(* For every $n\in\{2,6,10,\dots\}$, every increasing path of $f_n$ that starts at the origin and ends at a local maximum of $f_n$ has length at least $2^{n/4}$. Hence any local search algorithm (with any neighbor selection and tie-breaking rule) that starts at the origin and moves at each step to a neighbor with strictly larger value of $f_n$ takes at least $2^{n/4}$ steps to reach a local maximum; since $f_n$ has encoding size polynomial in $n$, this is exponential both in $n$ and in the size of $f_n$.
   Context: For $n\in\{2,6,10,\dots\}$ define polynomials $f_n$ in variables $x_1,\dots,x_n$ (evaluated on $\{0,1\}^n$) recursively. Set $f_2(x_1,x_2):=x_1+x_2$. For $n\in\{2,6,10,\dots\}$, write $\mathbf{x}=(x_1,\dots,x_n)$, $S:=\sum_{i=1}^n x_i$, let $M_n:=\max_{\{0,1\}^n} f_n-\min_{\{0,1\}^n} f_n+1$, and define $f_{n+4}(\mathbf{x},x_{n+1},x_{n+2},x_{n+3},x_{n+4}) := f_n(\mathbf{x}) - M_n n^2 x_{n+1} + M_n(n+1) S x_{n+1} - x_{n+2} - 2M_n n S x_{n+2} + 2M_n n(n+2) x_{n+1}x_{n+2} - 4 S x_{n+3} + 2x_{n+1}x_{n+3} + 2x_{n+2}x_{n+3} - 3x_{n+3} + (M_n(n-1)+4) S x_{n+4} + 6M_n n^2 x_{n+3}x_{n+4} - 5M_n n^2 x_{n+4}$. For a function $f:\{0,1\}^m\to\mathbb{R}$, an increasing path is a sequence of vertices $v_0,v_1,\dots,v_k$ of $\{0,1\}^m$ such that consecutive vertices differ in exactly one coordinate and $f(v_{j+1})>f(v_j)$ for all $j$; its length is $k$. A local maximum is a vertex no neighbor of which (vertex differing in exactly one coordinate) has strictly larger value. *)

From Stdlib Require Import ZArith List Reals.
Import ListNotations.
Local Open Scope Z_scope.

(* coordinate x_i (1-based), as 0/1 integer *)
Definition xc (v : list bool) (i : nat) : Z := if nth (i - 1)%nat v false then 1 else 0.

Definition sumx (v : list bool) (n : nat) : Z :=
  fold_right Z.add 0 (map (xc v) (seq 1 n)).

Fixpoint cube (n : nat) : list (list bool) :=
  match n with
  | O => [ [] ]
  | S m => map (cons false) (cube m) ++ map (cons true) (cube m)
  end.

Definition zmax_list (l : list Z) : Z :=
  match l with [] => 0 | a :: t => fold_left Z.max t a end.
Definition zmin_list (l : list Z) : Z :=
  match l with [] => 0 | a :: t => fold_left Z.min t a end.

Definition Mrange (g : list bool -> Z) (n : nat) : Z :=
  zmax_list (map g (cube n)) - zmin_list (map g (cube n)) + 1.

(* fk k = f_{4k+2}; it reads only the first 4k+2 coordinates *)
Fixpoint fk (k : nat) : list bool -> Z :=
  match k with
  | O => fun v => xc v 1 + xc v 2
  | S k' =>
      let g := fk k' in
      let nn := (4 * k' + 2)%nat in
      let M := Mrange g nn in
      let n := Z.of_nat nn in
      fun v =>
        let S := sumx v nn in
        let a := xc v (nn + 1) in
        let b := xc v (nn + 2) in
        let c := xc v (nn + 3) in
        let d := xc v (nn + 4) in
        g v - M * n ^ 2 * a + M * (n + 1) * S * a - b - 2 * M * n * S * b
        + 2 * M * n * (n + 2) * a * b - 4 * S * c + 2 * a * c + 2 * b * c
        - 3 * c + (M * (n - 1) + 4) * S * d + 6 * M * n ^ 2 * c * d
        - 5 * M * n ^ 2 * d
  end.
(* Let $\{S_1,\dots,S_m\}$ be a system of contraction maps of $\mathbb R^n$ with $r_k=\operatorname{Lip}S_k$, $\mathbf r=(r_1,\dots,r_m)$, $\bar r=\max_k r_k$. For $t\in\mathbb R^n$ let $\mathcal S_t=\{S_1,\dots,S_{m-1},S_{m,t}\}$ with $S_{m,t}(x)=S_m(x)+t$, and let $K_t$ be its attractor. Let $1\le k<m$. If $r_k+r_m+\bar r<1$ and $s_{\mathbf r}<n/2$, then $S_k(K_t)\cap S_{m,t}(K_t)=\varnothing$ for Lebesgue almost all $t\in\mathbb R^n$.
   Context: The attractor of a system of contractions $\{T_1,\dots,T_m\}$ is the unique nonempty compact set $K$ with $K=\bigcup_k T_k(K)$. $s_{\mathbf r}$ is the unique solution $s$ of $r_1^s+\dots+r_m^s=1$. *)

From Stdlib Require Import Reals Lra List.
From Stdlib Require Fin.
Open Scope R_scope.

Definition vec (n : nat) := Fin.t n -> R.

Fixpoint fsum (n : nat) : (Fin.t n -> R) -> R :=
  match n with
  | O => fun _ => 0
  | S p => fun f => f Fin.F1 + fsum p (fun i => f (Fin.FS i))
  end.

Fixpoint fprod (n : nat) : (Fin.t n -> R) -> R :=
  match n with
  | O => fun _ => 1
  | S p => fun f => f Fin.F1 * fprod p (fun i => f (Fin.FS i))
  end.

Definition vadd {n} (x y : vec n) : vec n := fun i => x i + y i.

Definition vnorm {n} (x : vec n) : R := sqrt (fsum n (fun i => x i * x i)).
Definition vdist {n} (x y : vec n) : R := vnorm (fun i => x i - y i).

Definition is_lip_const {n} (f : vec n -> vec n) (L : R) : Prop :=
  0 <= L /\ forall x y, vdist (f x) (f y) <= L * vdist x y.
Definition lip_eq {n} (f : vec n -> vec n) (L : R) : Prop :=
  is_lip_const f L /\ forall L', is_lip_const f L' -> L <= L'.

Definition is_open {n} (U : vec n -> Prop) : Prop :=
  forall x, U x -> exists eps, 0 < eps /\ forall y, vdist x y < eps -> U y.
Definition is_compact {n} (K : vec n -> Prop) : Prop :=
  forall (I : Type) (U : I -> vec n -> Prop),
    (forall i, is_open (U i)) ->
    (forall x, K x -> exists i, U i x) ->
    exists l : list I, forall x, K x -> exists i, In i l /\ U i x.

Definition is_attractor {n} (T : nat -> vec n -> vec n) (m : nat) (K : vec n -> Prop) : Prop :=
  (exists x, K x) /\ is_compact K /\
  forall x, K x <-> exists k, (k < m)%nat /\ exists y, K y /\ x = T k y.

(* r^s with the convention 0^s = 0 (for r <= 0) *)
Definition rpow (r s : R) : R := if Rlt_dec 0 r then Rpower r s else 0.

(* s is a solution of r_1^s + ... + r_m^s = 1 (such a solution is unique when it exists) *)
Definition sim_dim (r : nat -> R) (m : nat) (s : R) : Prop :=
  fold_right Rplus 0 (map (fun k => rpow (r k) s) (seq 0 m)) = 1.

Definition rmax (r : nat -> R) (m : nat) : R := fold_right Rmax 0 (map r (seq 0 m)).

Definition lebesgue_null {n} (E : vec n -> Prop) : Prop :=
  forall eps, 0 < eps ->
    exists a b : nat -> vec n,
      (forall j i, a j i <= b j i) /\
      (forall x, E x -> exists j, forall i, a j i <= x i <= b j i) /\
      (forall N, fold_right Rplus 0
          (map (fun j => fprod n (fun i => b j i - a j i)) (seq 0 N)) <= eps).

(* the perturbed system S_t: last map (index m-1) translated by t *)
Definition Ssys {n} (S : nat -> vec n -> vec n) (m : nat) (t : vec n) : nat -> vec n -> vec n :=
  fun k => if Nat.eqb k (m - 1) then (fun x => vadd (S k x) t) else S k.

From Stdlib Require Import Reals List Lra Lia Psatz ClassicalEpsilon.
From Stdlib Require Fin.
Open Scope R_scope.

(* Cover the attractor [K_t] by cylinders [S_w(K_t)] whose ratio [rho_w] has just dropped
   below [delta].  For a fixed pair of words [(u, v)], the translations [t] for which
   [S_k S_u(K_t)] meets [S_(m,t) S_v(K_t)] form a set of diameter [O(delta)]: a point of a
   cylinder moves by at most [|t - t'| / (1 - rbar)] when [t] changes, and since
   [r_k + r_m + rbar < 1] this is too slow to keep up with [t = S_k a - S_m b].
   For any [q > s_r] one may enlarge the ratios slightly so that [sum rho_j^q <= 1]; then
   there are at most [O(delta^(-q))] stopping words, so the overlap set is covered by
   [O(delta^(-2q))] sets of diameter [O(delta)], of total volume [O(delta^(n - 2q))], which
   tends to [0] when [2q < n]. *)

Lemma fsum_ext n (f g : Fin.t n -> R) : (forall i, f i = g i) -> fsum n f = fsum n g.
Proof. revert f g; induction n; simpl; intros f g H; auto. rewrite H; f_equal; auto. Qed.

● ● ●

> [What this task involves] In the entries above, one line contains "let nn := (4 * k' + 2)%nat in" and another contains "let c := xc v (nn + 3) in". Reproduce exactly those two lines and the lines between them, nothing else.

> [Your response]
      let nn := (4 * k' + 2)%nat in
      let M := Mrange g nn in
      let n := Z.of_nat nn in
      fun v =>
        let S := sumx v nn in
        let a := xc v (nn + 1) in
        let b := xc v (nn + 2) in
        let c := xc v (nn + 3) in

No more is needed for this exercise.